The application of the resin demands very careful attention. I was using fast hardener in the middle of summer on days when the temperature was reaching 24°C (very unusual for the UK). This meant mixing no more than 30ml at a time and working quickly because there was a maximum time of 10 to 15 minutes for application before the resin started setting.
The first stage was to mix thick filler and apply small fillets to serve as “tacks” inside and out to secure the plywood edges of the bottom and side sections. This allowed the stitching wires to be removed before taping.
After removing the wires, I scored and roughened the interior areas where tape would be applied, and then applied a first resin coat to seal the plywood.
I made sure to wear disposable gloves AT ALL TIMES when handling resin and hardener. I also ensured my glasses were secured around my head with a cord so they couldn’t slip off, resin cannot be removed from plastic lenses!
Tape was cut to the approximate length for each joint, resin applied to the wood and the tape laid on a section at a time. A flat brush was used to stipple the resin through the tape. An excess of resin will allow the tape to float about on the surface and my first couple of attempts ended in a slithery mess that dried with lots of bumps. After more practice, I applied less resin and things were easier. The tape should be clear once stippled and dried although the weave will still show, apply another coat of resin as soon as the first coat has set to fill the weave.

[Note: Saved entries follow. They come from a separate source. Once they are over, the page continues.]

(* Let $x\in\operatorname{dom}f$ and assume $\inf_{t\in T}f_t(x)>-\infty$. Under (SH), for every $\varepsilon>0$, \[ \mathrm{N}_{\operatorname{dom}f}(x)=\Big[\overline{\operatorname{co}}\Big(\bigcup_{t\in T}\partial_\varepsilon f_t(x)\Big)\Big]_\infty . \]
   Context: $X$ is a real separated locally convex space with dual $X^*$ carrying the weak$^*$ topology. $T$ is a nonempty index set, $\{f_t: t\in T\}$ are proper convex lsc functions $X\to\mathbb{R}\cup\{+\infty\}$, $f:=\sup_{t\in T}f_t$. $\partial_\varepsilon g(x)=\{x^*:\ g(y)\ge g(x)+\langle x^*,y-x\rangle-\varepsilon\ \forall y\}$ if $g(x)\in\mathbb{R}$ (empty otherwise). $\overline{\operatorname{co}}$ is the weak$^*$-closed convex hull; $C_\infty$ is the recession cone of a nonempty closed convex set $C$; $\mathrm{N}_A(x)$ is the normal cone. (SH): $T$ is compact Hausdorff and $t\mapsto f_t(z)$ is upper semicontinuous on $T$ for each $z\in X$. *)

From HB Require Import structures.
From mathcomp Require Import all_boot all_order all_algebra.
From mathcomp Require Import all_classical all_reals.
From mathcomp Require Import topology normedtype tvs ereal.
Set Implicit Arguments.
Unset Strict Implicit.
Unset Printing Implicit Defensive.
Import Order.TTheory GRing.Theory Num.Theory.
Import numFieldTopology.Exports numFieldNormedType.Exports.
Local Open Scope classical_set_scope.
Local Open Scope ring_scope.

(* The topological dual
   X^* is represented as the set of continuous linear functionals X -> R;
   subsets of X^* are subsets of (X -> R) contained in [dual_elem]. *)

Section Defs.
Context {R : realType} {X : tvsType R}.

Definition dual_elem (phi : X -> R) : Prop :=
  (forall (a : R) (u v : X), phi (a *: u + v) = a * phi u + phi v)
  /\ continuous phi.

(* closedness in X^* for the weak* topology sigma(X^*, X): a subset C of X^*
   is weak*-closed iff its complement in X^* is weak*-open, i.e. every point
   of X^* \ C has a basic weak* neighbourhood (finitely many points of X,
   radius e > 0) disjoint from C *)
Definition wstar_closed (C : set (X -> R)) : Prop :=
  forall phi, dual_elem phi -> ~ C phi ->
    exists (s : seq X) (e : R), 0 < e /\
      forall psi, dual_elem psi ->
        (forall z, z \in s -> `|psi z - phi z| < e) -> ~ C psi.

Definition dual_convex (C : set (X -> R)) : Prop :=
  forall phi psi (l : R), C phi -> C psi -> 0 <= l <= 1 ->
    C (fun z => l * phi z + (1 - l) * psi z).

Definition wstar_clco (A : set (X -> R)) : set (X -> R) :=
  [set phi | dual_elem phi /\
    forall C, C `<=` dual_elem -> wstar_closed C -> dual_convex C ->
      A `<=` C -> C phi].

Definition rec_cone (C : set (X -> R)) : set (X -> R) :=
  [set d | dual_elem d /\
    forall c, C c -> forall l : R, 0 <= l -> C (fun z => c z + l * d z)].

Definition normal_cone (A : set X) (x : X) : set (X -> R) :=
  [set phi | dual_elem phi /\ forall y, A y -> phi (y - x) <= 0].

Local Open Scope ereal_scope.

(* epsilon-subdifferential; empty when g x is not finite *)
Definition eps_subdiff (g : X -> \bar R) (eps : R) (x : X) : set (X -> R) :=
  [set phi | dual_elem phi /\ exists r : R, g x = r%:E /\
     forall y, ((r + phi (y - x) - eps)%R)%:E <= g y].

Definition proper_fun (g : X -> \bar R) : Prop :=
  (forall y, g y != -oo) /\ exists y, g y < +oo.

This picture below shows simple filler/resin tacks designed to hold the panels I put these inside and out so that I could remove the stitching wires before Taping.

Here is the bow after taping (below), the excess tape needs to be trimmed away before the deck is fitted. I used some resin/filler mix to fair in the gap before taping to give a smoother surface.


View looking forwards (below) with the inside complete and the cockpit frame in place. Note the use of the wooden bar to hold the correct hull width whilst taping.

Rear bulkhead showing the taping to the side panel (below). This was very carefully sealed so that it would become a waterproof bulkhead when complete. The buoyancy system relies on waterproof compartments at the bow and stern to support the hull if it fills with water.

All internal taping finished (below) and the hull ready to turn for external tapes to be applied over the joints. Also to be fitted were the deck support beams around the cockpit area.

After all was dry, the hull was turned over and the areas around the seams roughened to provide a good “key” for the tape and resin. Taping was the same process as internally and on completion the hull was fitted with a wooden keel and rubbing strips to protect the bottom ply panels.